> [TASK DIRECTIONS]:
From the data, return each line holding the word "Scope".

☆ ☆ ☆ ☆ ☆ ☆ ☆

(* Let $K$ be a local field of characteristic $0$, $D$ a finite-dimensional division $K$-algebra, and $A,H$ finite subgroups of $\mathrm{GL}_n(D)$. Set $C=A\cap H$ and assume $[A:C]>2$ or $[H:C]>2$. Let $\delta:H\to M_n(D)$, $h\mapsto\delta_h$, be such that $\varphi_t:H\to\mathrm{GL}_n(D)$, $h\mapsto h+t\delta_h$ ($t\in K^\times$), is a family of first-order deformations, and assume (i) for $g\in H$: $\delta_g=0$ if and only if $g\in C$; and (ii) $a\,\mathrm{im}(\delta_h)\cap\ker(\delta_{h'})=\{0\}$ for all $a\in A\setminus C$ and $h,h'\in H\setminus C$. Then there exists $N\in\mathbb{R}$ such that for all $t$ with $|t|\ge N$, $\langle A,\varphi_t(H)\rangle\cong A*_C\varphi_t(H)\cong A*_C H$ (the first isomorphism being the canonical map).
   Context: A first-order deformation of a subgroup $H$ of the unit group of an algebra is a linear map $\varphi$, $h\mapsto h+\delta_h$, where $\delta$ satisfies $\delta_{hk}=\delta_hk+h\delta_k$ and $\delta_h\delta_k=0$ for all $h,k\in H$; such maps are group morphisms. Here $\mathrm{im}(\delta_h)$ and $\ker(\delta_h)$ are the image and kernel of $\delta_h$ acting on $D^n$ (as $D$-subspaces). *)

From HB Require Import structures.
From mathcomp Require Import all_boot all_order all_algebra.
From mathcomp Require Import falgebra.
From mathcomp Require Import boolp classical_sets cardinality reals.
Set Implicit Arguments. Unset Strict Implicit. Unset Printing Implicit Defensive.
Import Order.TTheory GRing.Theory Num.Theory.
Local Open Scope ring_scope.
Local Open Scope classical_set_scope.

Definition abs_value (K : fieldType) (R : realType) (v : K -> R) : Prop :=
  [/\ forall x, 0 <= v x,
      forall x, v x = 0 <-> x = 0,
      forall x y, v (x * y) = v x * v y
    & forall x y, v (x + y) <= v x + v y].

Definition v_converges (K : fieldType) (R : realType) (v : K -> R)
  (u : nat -> K) (l : K) : Prop :=
  forall e : R, 0 < e -> exists N, forall n, (N <= n)%N -> v (u n - l) < e.

Definition v_cauchy (K : fieldType) (R : realType) (v : K -> R)
  (u : nat -> K) : Prop :=
  forall e : R, 0 < e -> exists N, forall m n, (N <= m)%N -> (N <= n)%N ->
    v (u m - u n) < e.

(* A local field: a field complete with respect to a nontrivial absolute
   value, and locally compact for the induced metric topology (some closed
   ball around 0, hence around every point, is (sequentially) compact). *)
Definition local_field (K : fieldType) (R : realType) (v : K -> R) : Prop :=
  [/\ abs_value v,
      exists x : K, v x <> 0 /\ v x <> 1,
      forall u : nat -> K, v_cauchy v u -> exists l, v_converges v u l
    & exists r : R, 0 < r /\
        forall u : nat -> K, (forall n, v (u n) <= r) ->
          exists (phi : nat -> nat) (l : K),
            (forall n, (phi n < phi n.+1)%N) /\ v_converges v (u \o phi) l].

Section MxGroups.
Variables (D : nzRingType) (n : nat).
Local Notation M := 'M[D]_n.

Definition mx_inverse (x y : M) : Prop := x *m y = 1%:M /\ y *m x = 1%:M.

Definition mx_subgroup (S : set M) : Prop :=
  [/\ S 1%:M,
      forall x y, S x -> S y -> S (x *m y)
    & forall x, S x -> exists y, S y /\ mx_inverse x y].

Definition finite_mx_subgroup (S : set M) : Prop :=
  mx_subgroup S /\ finite_set S.

Definition mx_gen (S : set M) : set M :=
  [set x | forall G, mx_subgroup G -> S `<=` G -> G x].

Definition lcoset (C : set M) (a : M) : set M := [set a *m c | c in C].

Definition index_gt2 (A C : set M) : Prop :=
  exists a1 a2 a3, [/\ A a1, A a2 & A a3] /\
    [/\ lcoset C a1 <> lcoset C a2, lcoset C a1 <> lcoset C a3
       & lcoset C a2 <> lcoset C a3].

Definition mx_im (m : M) : set 'cV[D]_n := [set m *m w | w in setT].
Definition mx_ker (m : M) : set 'cV[D]_n := [set w | m *m w = 0].
Definition mx_lmul_set (a : M) (S : set 'cV[D]_n) : set 'cV[D]_n :=
  [set a *m w | w in S].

☆ ☆ ☆ ☆ ☆ ☆ ☆

> [SOLUTION]:
Local Open Scope ring_scope.
Local Open Scope classical_set_scope.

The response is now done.